For the people reading this who may have taken a fluoroquinolone in the past but haven’t had a severe adverse reaction, I encourage you to think about your health history. After taking Cipro/ciprofloxacin, Levaquin/levofloxacin, Avelox/moxifloxacin, or Floxin/ofloxacin, did you experience any of the following?

Insomnia
Anxiety
Loss of endurance
Muscle twitches
Tendon tears or ruptures
Depression
GI issues
Mild peripheral neuropathy

Those are all Warning Signs of fluoroquinolone toxicity. After the first time I took ciprofloxacin I had a twitchy eyelid and intermittent stomach cramping. I wish I had known that those symptoms were adverse reactions to the ciprofloxacin, and that I had known that I could no longer tolerate it. If I had known that I had experienced an adverse reaction to ciprofloxacin in the past, and if I had known that the warning labels say that people who have had a bad reaction shouldn’t take the drug again, I wouldn’t have taken it again and I would have avoided full-blown fluoroquinolone toxicity.

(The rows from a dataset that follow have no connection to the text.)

Lemma exists_shift (R : realFieldType) (rho a c : R) :
  0 < rho -> a < 0 -> c < rho - rho / (1 - a) ->
  exists s, [/\ 0 <= s, s < - a & (1 + s) * c <= s * rho].
Proof.
move=> hrho ha; have h1a : 0 < 1 - a by lra.
have -> : rho - rho / (1 - a) = - a * rho / (1 - a) by field; rewrite gt_eqF.
rewrite ltr_pdivlMr // => hc.
have [hc0|hc0] := lerP c 0; first by exists 0; split; lra.
have hrc : 0 < rho - c by nra.
exists (c / (rho - c)); split.
- by rewrite divr_ge0 // ltW.
- by rewrite ltr_pdivrMr //; lra.
- by rewrite le_eqVlt; apply/orP; left; apply/eqP; field; rewrite gt_eqF.
Qed.

Section EigenExpansion.
Variables (R : realType) (D X : lmodType R) (M N : D -> D -> R) (bG : X -> X -> R).
Variables (T : D -> X) (lam : nat -> R) (phi : nat -> D).
Hypotheses (hM : sym_bilinear M) (hN : sym_bilinear N) (hMpsd : form_possemidef M)
  (hbG : sym_bilinear bG) (hbGpsd : form_possemidef bG)
  (hTM : forall u v : D, bG (T u) (T v) = M u v)
  (hlam_mono : forall i j : nat, (i <= j)%N -> lam i <= lam j)
  (heig : forall (i : nat) (v : D), M (phi i) v = lam i * N (phi i) v)
  (horth : forall i j : nat, M (phi i) (phi j) = (i == j)%:R)
  (hexp : forall v : D,
      series (fun i => lam i * (N v (phi i)) ^+ 2) @ \oo --> N v v).

Lemma expansion_bound (u : D) (y : X) (rho s : R) : 0 < rho -> 0 <= s ->
  (forall j, rho * (lam j * N u (phi j) ^+ 2) <=
             M u (phi j) ^+ 2 + s * bG y (T (phi j)) ^+ 2) ->
  rho * N u u <= M u u + s * bG y y.
Proof.
move=> hrho hs hterm; rewrite -ler_pdivlMl //.
apply: (cvgr_to_le (@hexp u)); apply: nearW => J.
rewrite /series /= big_mkord ler_pdivlMl // mulr_sumr.
apply: le_trans; first by apply: ler_sum => j _; exact: hterm.
rewrite big_split /= -mulr_sumr.
apply: lerD; first exact: (bessel_ineq hM u J hMpsd (@horth)).
apply: ler_wpM2l => //.
by apply: (bessel_ineq hbG (e := fun j => T (phi j)) y J hbGpsd) => i j; rewrite hTM.
Qed.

There are a million “if only” scenarios around my adverse reaction to ciprofloxacin. I can’t turn back time and change anything though. I can only move forward and warn people. I hope that people heed my warning, and connect bizarre, seemingly innocuous symptoms like anxiety and sprained elbows, to the fluoroquinolone they took to treat an infection, and that they avoid future use of fluoroquinolones.